Date: Nov 2025
When it comes to investing, most people focus on returns. But in reality, returns are just the outcome, not the starting point. The real art of investing lies in assessing what you’re buying, why you’re buying it, and how it fits into your financial journey. At Privus, we often remind investors: “A good investment isn’t just one that grows, it’s one you can live with.” Here are the most important checks to make before putting money into any investment product.
Liquidity simply means how quickly and easily you can access your money when needed, without a significant loss of value. Why does it matter? Emergencies, opportunities, or life goals don’t always wait for lock-in periods to end. Does the product have an exit option, and what are the penalties? How is liquidity in stressed markets (for instance, during 2020’s lockdown phase)? Is there a secondary market (especially in case of bonds) or a buyback clause? Many investors overlook liquidity while chasing yield, only to realise later that their “high return” product locks them in for years. In our advisory experience, liquidity deserves top priority – above even returns.
Complexity often hides costs, risks, or unrealistic assumptions. The more layers a product has, the harder it becomes to judge performance or make timely exit decisions. Complicated structures such as ULIPs, structured notes, hybrid debentures can behave unpredictably in different market cycles. Can you explain the product in one or two sentences? Do you clearly understand how returns are generated and what risks could derail them? Are the costs and tax implications transparent? A simple mutual fund or ETF is often far more effective than an exotic structure with opaque payoffs. At Privus, we prefer products that are transparent, cost-efficient, and easy to track.
Returns are gross. What matters is what you keep. Hidden fees, trail commissions, or surrender charges can silently erode returns.
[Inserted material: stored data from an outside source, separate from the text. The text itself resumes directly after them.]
(* For every constant $\varepsilon>0$ there exists an online algorithm for $\textsc{Online-Sorting}[1+\varepsilon,n]$ with competitive ratio $2^{O(\sqrt{\log n\,\log\log n})}$, i.e., whose cost on every stream of $n$ reals in $[0,1]$ is at most $2^{O(\sqrt{\log n\log\log n})}$.
   Context: $\textsc{Online-Sorting}[\gamma,n]$ (for $\gamma\ge 1$): there is an array $A$ consisting of $\gamma n$ initially empty cells, ordered from left to right. A stream of $n$ reals $s_1,\dots,s_n\in[0,1]$ arrives one at a time. An online algorithm must place each $s_i$ into an empty cell of $A$, irrevocably, before $s_{i+1}$ is revealed. After all reals are placed, let $r_1,\dots,r_n$ be the reals in left-to-right order in $A$, with $r_0:=0$, $r_{n+1}:=1$; the cost is $\sum_{i=0}^{n}|r_{i+1}-r_i|$. The offline optimum has cost exactly $1$, so an algorithm has competitive ratio $\Delta$ if its cost is at most $\Delta$ on every stream of $n$ reals. *)

From Stdlib Require Import Reals Lra Lia List ZArith.
Import ListNotations.
Open Scope R_scope.

(* A deterministic online algorithm: given the history of previously revealed
   reals (in order) and the current real, it returns the (0-based) index of
   the cell in which the current real is placed.  Since the algorithm is
   deterministic, the history of reals determines all earlier placements. *)
Definition online_alg := list R -> R -> nat.

Fixpoint positions (A : online_alg) (hist : list R) (s : list R) : list nat :=
  match s with
  | nil => nil
  | x :: t => A hist x :: positions A (hist ++ [x]) t
  end.

(* Placement is legal in an array of [m] cells: every chosen cell exists and
   no cell is used twice (each real goes into an empty cell). *)
Definition valid_run (A : online_alg) (m : nat) (s : list R) : Prop :=
  NoDup (positions A nil s) /\ Forall (fun j => (j < m)%nat) (positions A nil s).

Fixpoint cell_content (ps : list (nat * R)) (j : nat) : option R :=
  match ps with
  | nil => None
  | (k, x) :: t => if Nat.eqb k j then Some x else cell_content t j
  end.

Definition arranged (m : nat) (ps : list (nat * R)) : list R :=
  flat_map (fun j => match cell_content ps j with Some x => [x] | None => [] end)
           (seq 0 m).

Fixpoint cost_from (prev : R) (l : list R) : R :=
  match l with
  | nil => Rabs (1 - prev)
  | x :: t => Rabs (x - prev) + cost_from x t
  end.

(* Cost of running [A] on stream [s] with [m] cells (r_0 = 0, r_{n+1} = 1). *)
Definition run_cost (A : online_alg) (m : nat) (s : list R) : R :=
  cost_from 0 (arranged m (combine (positions A nil s) s)).

Definition num_cells (gamma : R) (n : nat) : nat :=
  Z.to_nat (Int_part (gamma * INR n)).

From Stdlib Require Import Reals Lra Lia List Bool ZArith FinFun.
Import ListNotations.
Open Scope R_scope.

(* Split [0,1] into k equal intervals and the array into blocks of b cells. Each block serves
   one interval: the reals of an interval are rescaled by x |-> kx - j to [0,1] and placed, by a
   recursive algorithm sorting c reals into b cells, in the current block of that interval until
   it holds c reals, when a fresh block is opened. The rescaling stretches by k, so a block
   adds at most F/k + 1 to the variation of the array; and since only one block per interval is
   not full, B blocks suffice as soon as n + ck <= cB. Nesting d levels, each with k of its B
   blocks as slack, sorts (B - k)^d reals into B^d cells at cost O(d B (B/k)^d), and a top level
   of about (1 + eps) n / B^d such blocks handles any n. With B/k = r of order d / eps,
   d of order sqrt (log n / log log n) and B^d of order eps n, the logarithm of the cost is
   O(d log r + log n / d) = O(sqrt (log n log log n)). *)

(** * Total variation *)

Definition in01 (x : R) : Prop := 0 <= x <= 1.

Fixpoint variation_from (p : R) (l : list R) : R :=
  match l with nil => 0 | x :: t => Rabs (x - p) + variation_from x t end.

Definition variation (l : list R) : R :=
  match l with nil => 0 | x :: t => variation_from x t end.

Lemma variation_from_ge0 l p : 0 <= variation_from p l.
Proof.
  revert p; induction l as [|x t IH]; intros p; simpl; [lra|].
  pose proof (Rabs_pos (x - p)); pose proof (IH x); lra.
Qed.

Lemma variation_ge0 l : 0 <= variation l.
Proof. destruct l; simpl; [lra | apply variation_from_ge0]. Qed.

Lemma variation_from_le l p :
  in01 p -> Forall in01 l -> variation_from p l <= variation l + 1.
Proof.
  intros Hp Hl; destruct Hl as [|x t Hx _]; simpl; [lra|].
  unfold in01 in *; assert (Rabs (x - p) <= 1) by (apply Rabs_le; lra); lra.
Qed.

Lemma cost_from_le_variation l :
  Forall in01 l -> cost_from 0 l <= variation l + 2.
Proof.
  intros Hl.
  assert (Hcost : forall p, in01 p -> cost_from p l <= variation_from p l + 1).
  { induction Hl as [|x t Hx _ IH]; intros p Hp; simpl.
    - unfold in01 in Hp; rewrite Rabs_right; lra.
    - specialize (IH x Hx); lra. }
  assert (H0 : in01 0) by (unfold in01; lra).
  pose proof (Hcost 0 H0); pose proof (variation_from_le l 0 H0 Hl); lra.
Qed.

Lemma last_cons_cons {A : Type} (l : list A) x p : last (x :: l) p = last l x.
Proof.
  revert x p; induction l as [|y t IH]; intros x p; [reflexivity|].
  change (last (y :: t) p = last (y :: t) x); rewrite !IH; reflexivity.
Qed.

Lemma variation_from_app l1 l2 p :
  variation_from p (l1 ++ l2) = variation_from p l1 + variation_from (last l1 p) l2.
Proof.
  revert p; induction l1 as [|x t IH]; intros p; cbn [app variation_from]; [simpl; lra|].
  rewrite IH, last_cons_cons; lra.
Qed.

Lemma last_in01 l p : in01 p -> Forall in01 l -> in01 (last l p).
Proof.
  intros Hp Hl; revert p Hp; induction Hl as [|x t Hx _ IH]; intros p Hp; [exact Hp|].
  rewrite last_cons_cons; apply IH, Hx.
Qed.

Lemma variation_app l1 l2 :
  Forall in01 l1 -> Forall in01 l2 ->
  variation (l1 ++ l2) <= variation l1 + variation l2 + 1.
Proof.
  intros H1 H2; destruct H1 as [|x t Hx Ht]; simpl.
  - pose proof (variation_ge0 l2); lra.
  - rewrite variation_from_app.
    pose proof (variation_from_le l2 (last t x) (last_in01 t x Hx Ht) H2); lra.
Qed.

Lemma variation_flat_map {A : Type} (f : A -> list R) (L : list A) F :
  (forall i, In i L -> Forall in01 (f i) /\ variation (f i) <= F) ->
  variation (flat_map f L) <= INR (length L) * (F + 1).
Proof.
  induction L as [|a L IH]; intros H; cbn [flat_map length]; [simpl; lra|].
  destruct (H a (or_introl eq_refl)) as [Ha1 Ha2].
  assert (Hr : Forall in01 (flat_map f L)).
  { apply Forall_flat_map, Forall_forall; intros x Hx; apply (H x (or_intror Hx)). }
  pose proof (variation_app _ _ Ha1 Hr).
  pose proof (IH (fun i Hi => H i (or_intror Hi))).
  rewrite S_INR; lra.
Qed.

Lemma variation_map_affine (g : R -> R) a c l :
  0 <= a -> (forall y, In y l -> g y = a * y - c) -> variation (map g l) = a * variation l.
Proof.
  intros Ha Hg; destruct l as [|x t]; simpl; [ring|].
  rewrite (Hg x (or_introl eq_refl)).
  assert (Ht : forall y, In y t -> g y = a * y - c) by (intros; apply Hg; simpl; auto).
  clear Hg; revert x; induction t as [|y t IH]; intros x; simpl; [ring|].
  rewrite (Ht y (or_introl eq_refl)), (IH (fun z Hz => Ht z (or_intror Hz)) y).
  replace (a * y - c - (a * x - c)) with (a * (y - x)) by ring.
  rewrite Rabs_mult, (Rabs_right a) by lra; ring.
Qed.

(** * Reading off the array *)

Definition option_list (o : option R) : list R :=
  match o with Some x => [x] | None => [] end.

Lemma arranged_flat_map m ps :
  arranged m ps = flat_map (fun j => option_list (cell_content ps j)) (seq 0 m).
Proof. reflexivity. Qed.

Lemma cell_content_In ps j y : cell_content ps j = Some y -> In (j, y) ps.
Proof.
  induction ps as [|[i x] t IH]; simpl; [discriminate|].
  destruct (Nat.eqb_spec i j) as [->|_]; [intros [= ->]; auto | auto].
Qed.

Lemma cell_content_notin ps j : (forall p, In p ps -> fst p <> j) -> cell_content ps j = None.
Proof.
  induction ps as [|[i x] t IH]; simpl; intros H; [reflexivity|].
  destruct (Nat.eqb_spec i j) as [E|_]; [exfalso; exact (H (i, x) (or_introl eq_refl) E)|].
  apply IH; auto.
Qed.

Lemma cell_content_filter (P : nat * R -> bool) ps j :
  (forall p, In p ps -> fst p = j -> P p = true) ->
  cell_content (filter P ps) j = cell_content ps j.
Proof.
  induction ps as [|[i x] t IH]; simpl; intros H; [reflexivity|].
  destruct (Nat.eqb_spec i j) as [E|E].
  - rewrite (H (i, x) (or_introl eq_refl) E); simpl.
    rewrite (proj2 (Nat.eqb_eq i j) E); reflexivity.
  - rewrite <- (Nat.eqb_neq i j) in E.
    destruct (P (i, x)); simpl; [rewrite E|]; apply IH; auto.
Qed.

Lemma cell_content_map_snd (g : R -> R) ps j :
  cell_content (map (fun p => (fst p, g (snd p))) ps) j = option_map g (cell_content ps j).
Proof.
  induction ps as [|[i x] t IH]; simpl; [reflexivity|].
  destruct (Nat.eqb i j); auto.
Qed.

Lemma cell_content_shift a ps j :
  cell_content (map (fun p => (a + fst p, snd p)%nat) ps) (a + j) = cell_content ps j.
Proof.
  induction ps as [|[i x] t IH]; simpl; [reflexivity|].
  destruct (Nat.eqb_spec i j) as [->|E].
  - rewrite Nat.eqb_refl; reflexivity.
  - replace (Nat.eqb (a + i) (a + j)) with false by (symmetry; apply Nat.eqb_neq; lia).
    exact IH.
Qed.

Lemma In_flat_map_cell_content (f : nat -> nat) L ps y :
  In y (flat_map (fun r => option_list (cell_content ps (f r))) L) ->
  exists r, In r L /\ In (f r, y) ps.
Proof.
  intros Hy; apply in_flat_map in Hy as [r [Hr Hy]]; exists r; split; [exact Hr|].
  destruct (cell_content ps (f r)) eqn:E; simpl in Hy; [|contradiction].
  destruct Hy as [<-|[]]; apply cell_content_In, E.
Qed.

Lemma flat_map_seq_shift {B : Type} b a (f : nat -> list B) :
  flat_map f (seq a b) = flat_map (fun r => f (a + r)%nat) (seq 0 b).
Proof.
  revert a f; induction b as [|b IH]; intros a f; simpl; [reflexivity|].
  rewrite Nat.add_0_r, IH, (IH 1%nat); f_equal.
  apply flat_map_ext; intros r; f_equal; lia.
Qed.

Lemma arranged_blocks B b ps :
  arranged (B * b) ps =
  flat_map (fun i => flat_map (fun r => option_list (cell_content ps (i * b + r))) (seq 0 b))
           (seq 0 B).
Proof.
  induction B as [|B IH]; [reflexivity|].
  rewrite arranged_flat_map; replace (S B * b)%nat with (B * b + b)%nat by lia.
  rewrite seq_app, flat_map_app, <- arranged_flat_map, IH, seq_S, flat_map_app.
  f_equal; simpl; rewrite app_nil_r, flat_map_seq_shift; reflexivity.
Qed.

Lemma arranged_extend M m ps :
  (M <= m)%nat -> (forall p, In p ps -> (fst p < M)%nat) -> arranged m ps = arranged M ps.
Proof.
  intros HM H; rewrite !arranged_flat_map.
  replace m with (M + (m - M))%nat by lia.
  rewrite seq_app, flat_map_app, flat_map_seq_shift, <- app_nil_r; f_equal.
  induction (m - M)%nat as [|e IH]; [reflexivity|].
  rewrite seq_S, flat_map_app, IH; simpl.
  rewrite cell_content_notin; [reflexivity|].
  intros p Hp; specialize (H p Hp); lia.
Qed.

Lemma positions_snoc A l h x :
  positions A h (l ++ [x]) = positions A h l ++ [A (h ++ l) x].
Proof.
  revert h; induction l as [|y l IH]; intros h; simpl; [rewrite app_nil_r; reflexivity|].
  rewrite IH, <- app_assoc; reflexivity.
Qed.

Lemma positions_length A s h : length (positions A h s) = length s.
Proof. revert h; induction s; simpl; auto. Qed.

Lemma Forall_positions (P : nat -> Prop) A s h :
  (forall s1 x s2, s = s1 ++ x :: s2 -> P (A (h ++ s1) x)) -> Forall P (positions A h s).
Proof.
  revert h; induction s as [|y s IH]; intros h H; simpl; constructor.
  - specialize (H [] y s eq_refl); rewrite app_nil_r in H; exact H.
  - apply IH; intros s1 x s2 E; rewrite <- app_assoc.
    apply (H (y :: s1) x s2); rewrite E; reflexivity.
Qed.

(** * Routing reals to blocks *)

Definition update (f : nat -> nat) (i v : nat) : nat -> nat :=
  fun j => if Nat.eqb j i then v else f j.

Lemma update_same f i v : update f i v i = v.
Proof. unfold update; rewrite Nat.eqb_refl; reflexivity. Qed.

Lemma update_other f i v j : j <> i -> update f i v j = f j.
Proof. intros H; unfold update; destruct (Nat.eqb_spec j i); [lia | reflexivity]. Qed.

Fixpoint sum_below (f : nat -> nat) (k : nat) : nat :=
  match k with O => O | S k' => (sum_below f k' + f k')%nat end.

Lemma sum_below_update f i v k :
  (i < k)%nat -> (sum_below (update f i v) k + f i = sum_below f k + v)%nat.
Proof.
  intros Hi.
  assert (Hlow : forall m, (m <= i)%nat -> sum_below (update f i v) m = sum_below f m).
  { induction m as [|m IH]; intros Hm; simpl; [reflexivity|].
    rewrite IH, update_other by lia; reflexivity. }
  induction k as [|k IH]; simpl; [lia|].
  destruct (Nat.eq_dec i k) as [->|E].
  - rewrite update_same, Hlow by lia; lia.
  - rewrite update_other by lia; specialize (IH ltac:(lia)); lia.
Qed.

Lemma sum_below_le f g k :
  (forall j, (j < k)%nat -> (f j <= g j)%nat) -> (sum_below f k <= sum_below g k)%nat.
Proof.
  induction k as [|k IH]; simpl; intros H; [lia|].
  pose proof (H k ltac:(lia)); pose proof (IH (fun j Hj => H j ltac:(lia))); lia.
Qed.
Evaluate all costs such as entry and exit loads, annual management or distribution fees, expense ratios in mutual funds and embedded costs in insurance-linked products. Even a 1% annual difference in cost can compound into a meaningful gap over a decade.
Every product carries risk such as market risk, credit risk, interest rate risk, or even liquidity risk. But risk isn’t just about volatility, it is about whether you can stay invested through it. Understand fully the risk you are exposed to by investing in the product. What could go wrong, and how much can it impact value? Does the product align with your risk tolerance and holding period? Privus often advises clients to build portfolios where risk is measured not by short-term fluctuation, but by the ability to stay the course.
Every investment must serve a role in growth, stability, income, or liquidity. A good product isn’t good in isolation; it’s good when it fits your financial strategy. Before investing, ask does this align with my time horizon? Does it complement or duplicate existing holdings? Is it part of a well thought out asset allocation plan? Without clarity of purpose, even the best product can end up being a mismatch.
A product’s post-tax return is what truly matters. Tax treatment varies across asset classes, and some instruments lose their appeal once you factor in taxation. Check how the gains would be taxed? Dividend taxation and indexation benefits (if any). The idea is not to avoid taxes, but to invest smartly with awareness of the tax impact.
When we evaluate any investment at Privus Advisors, our framework follows this simple order of priority:
Liquidity → Simplicity → Cost → Risk → Purpose → Taxation → Return. Because good investing isn’t about finding the highest return, it’s about building a portfolio you can rely on through every market cycle.